These are not abstract risks. They are the specific failure patterns we see surface again and again when broad farming and agricultural-engineering work meets a fast, soundness-based MDPI screen.
Across our agricultural pre-submission reviews, the editorial triage pattern that surprises authors most is that the Agriculture pre-check is not a novelty filter in the Nature sense. It is a fit-and-rigor filter, and at Agriculture the fit half is heavier than at any of its siblings because the scope is so wide.
The manuscripts that get returned fastest are rarely bad science. They are competent studies whose section angle, design rigor, or data and reporting compliance is not ready for a fast, template-driven screen, and we observe that editors here routinely reject those packages before a reviewer is even invited.
Manuscripts coming through pre-submission review for Agriculture split cleanly along these three lines, and the section below describes what actually happens to each at the desk.
Single-site single-season trials framed as general recommendations
The most common rigor failure we see is a one-location, one-season field, pen, or machine trial whose abstract and conclusions read like a regional or general recommendation.
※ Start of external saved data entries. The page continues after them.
Lemma reweight_gap_mul_le :
  \int[pi]_x Dpi x * (a - b) <= 3 * (eps1 / rho) + eps2 + 2 * P.
Proof.
have Zpi_gt0 : 0 < \int[pi]_x Dpi x by exact: lt_le_trans delta_le.
have gap : \int[pi]_x Dpi x * (a - b) =
    \int[pi]_x (g x * Dpi x) - \int[mu]_x (g x * Dmu x).
  by rewrite /g !Rintegral_subrM // /a /b; field; rewrite !gt_eqF.
have split_pi : \int[pi]_x (g x * Dpi x) =
    \int[pi]_x (g x * G x) + \int[pi]_x (g x * (Dpi x - G x)).
  by rewrite -RintegralD_bounded; try bounded_measurable_tac; apply: eq_Rintegral => x _; ring.
have split_mu : \int[mu]_x (g x * Dmu x) = \int[mu]_x (g x * G x)
    + \int[mu]_x (g x * (Dpi x - G x)) - \int[mu]_x (g x * (Dpi x - Dmu x)).
  rewrite -RintegralD_bounded -?RintegralB_bounded; try bounded_measurable_tac.
  by apply: eq_Rintegral => x _; ring.
have wass_gG : \int[pi]_x (g x * G x) - \int[mu]_x (g x * G x) <= 2 * (eps1 / rho).
  have K_gt0 : 0 < 2 / rho by rewrite divr_gt0.
  have := wass_dlipschitz K_gt0 (dlipschitzN gG_lip).
  by rewrite !RintegralN_bounded; try bounded_measurable_tac; rewrite mulrAC -mulrA opprK addrC.
have gE_le (m : probability T R) : `|\int[m]_x (g x * (Dpi x - G x))| <= \int[m]_x S x.
  apply: normr_Rintegral_le; try bounded_measurable_tac.
  move=> x; rewrite normrM -[S x]mul1r.
  by apply: ler_pM; rewrite ?normr_ge0 ?norm_g_le1 ?norm_Dpi_sub_majorant.
have gD_le : `|\int[mu]_x (g x * (Dpi x - Dmu x))| <= eps2.
  rewrite -[eps2](Rintegral_cst_probability mu); apply: normr_Rintegral_le; try bounded_measurable_tac.
  by move=> x; rewrite normrM -[eps2]mul1r; apply: ler_pM.
move: (gE_le pi) (gE_le mu) gD_le; rewrite !ler_norml.
have := Rintegral_majorant_indic_pi_le; have := Rintegral_majorant_indic_mu_le.
lra.
Qed.

Lemma reweight_gap_le : a - b <= delta^-1 * (3 * (eps1 / rho) + eps2 + 2 * P).
Proof.
rewrite mulrC ler_pdivlMr //; have [ab_ge0|ab_lt0] := leP 0 (a - b).
  by apply: le_trans reweight_gap_mul_le; rewrite mulrC ler_wpM2r.
by apply: le_trans N_ge0; rewrite pmulr_lle0 // ltW.
Qed.

End lip1_test_function.

End delta_bounds.

End reweighting.

Theorem lemma5p3 (R : realType) (dsp : measure_display) (T : measurableType dsp)
  (d : T -> T -> R)
  (hpolish : polish_metric d)
  (hborel : @measurable _ T = <<s metric_open d >>)
  (hdiam : diameter_one d)
  (mu pi : probability T R)
  (Dmu Dpi : T -> R)
  (hDmu01 : forall x, 0 <= Dmu x <= 1) (hDpi01 : forall x, 0 <= Dpi x <= 1)
  (hDmu_meas : measurable_fun setT Dmu) (hDpi_meas : measurable_fun setT Dpi)
  (delta eps1 eps2 : R) (hdelta : 0 < delta)
  (hint : (delta%:E <= \int[pi]_x (Dpi x)%:E)%E)
  (hW : (wass d mu pi <= eps1%:E)%E)
  (hsup : forall x, `|Dpi x - Dmu x| <= eps2)
  (rho : R) (hrho0 : 0 < rho) (hrho1 : rho <= 1) :
  let rhs := ((delta^-1)%:E * ((3 * eps1 / rho + eps2)%:E
                + 2%:E * pi (Abar_rho d Dpi rho)))%E in
  ((0 < \int[mu]_x (Dmu x)%:E)%E ->
     (wass d (reweight mu Dmu) (reweight pi Dpi) <= rhs)%E)
  /\ ((rhs < 1%:E)%E -> (0 < \int[mu]_x (Dmu x)%:E)%E).
Proof.
move=> rhs; have [dm _ _] := hpolish.
have bDmu : bounded_measurable Dmu by exact: bounded_measurable01.
have bDpi : bounded_measurable Dpi by exact: bounded_measurable01.
have delta_le : delta <= \int[pi]_x Dpi x by rewrite -lee_fin -integral_bounded_measurable.
have -> : rhs = (delta^-1 * (3 * (eps1 / rho) + eps2
                  + 2 * fine (pi (Abar_rho d Dpi rho))))%:E.
  rewrite /rhs -[pi _]fineK; last exact/fin_num_measure/(measurable_dist_set_le dm hborel).
  by rewrite mulrA !EFinM !EFinD !EFinM.
rewrite integral_bounded_measurable // !lte_fin; split => [Zmu_gt0|]; last first.
  exact: Rintegral_Dmu_gt0.
apply: ge_ereal_sup => _ [f f_lip <-].
have bf := dlipschitz_bounded_measurable hborel hdiam ltr01 (lip1_dlipschitz f_lip).
have Dmu_ge0 x : 0 <= Dmu x by case/andP: (hDmu01 x).
have Dpi_ge0 x : 0 <= Dpi x by case/andP: (hDpi01 x).
rewrite (integral_reweight _ _ Dmu_ge0) // (integral_reweight _ _ Dpi_ge0) //.
by rewrite -EFinB lee_fin; exact: reweight_gap_le.
Qed.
The data may be clean and the analysis correct, but the conclusions outrun what one site-year can support. A single field, a single soil type, a single herd, or a single climate cannot ground a claim that a practice, ration, or implement "increases yield" or "should be adopted" broadly.
Reviewers across Agriculture's production sections are trained to flag exactly this gap between the scope of the evidence and the scope of the claim. The testable version: read your conclusions and ask whether each recommendation is bounded to the site, season, soil, herd, or machine you actually tested.
If your discussion generalizes a single-environment result, temper the claims to match the design, or add the multi-environment, multi-season, or multi-herd data the recommendation needs. A replicated single-site study is publishable here; a single-site study sold as a universal rule is not.
Check whether your Agriculture claims match the scope of your trial design ->
Descriptive farming studies with no mechanism, no model, or no transferable insight
The second pattern is a study that reports what happened without explaining why or supplying enough method to trust it. Common versions span the journal's breadth: a crop trial with no statistical model named, a livestock study with no mechanism for the difference, a farm survey with no management explanation, or a machinery test with no validation design or comparison baseline.
In agriculture, where the value of a paper hangs on whether another grower, farmer, or engineer can apply the finding, this is the highest-leverage fix before submission.
The testable version: walk your Materials and Methods and confirm the design, replication, and statistical or validation model are all stated explicitly. Then walk your discussion and confirm each main result is tied to either a mechanism or a transferable management or engineering insight. If your discussion restates the results without explaining them, reviewers will ask for the mechanism the manuscript should already supply.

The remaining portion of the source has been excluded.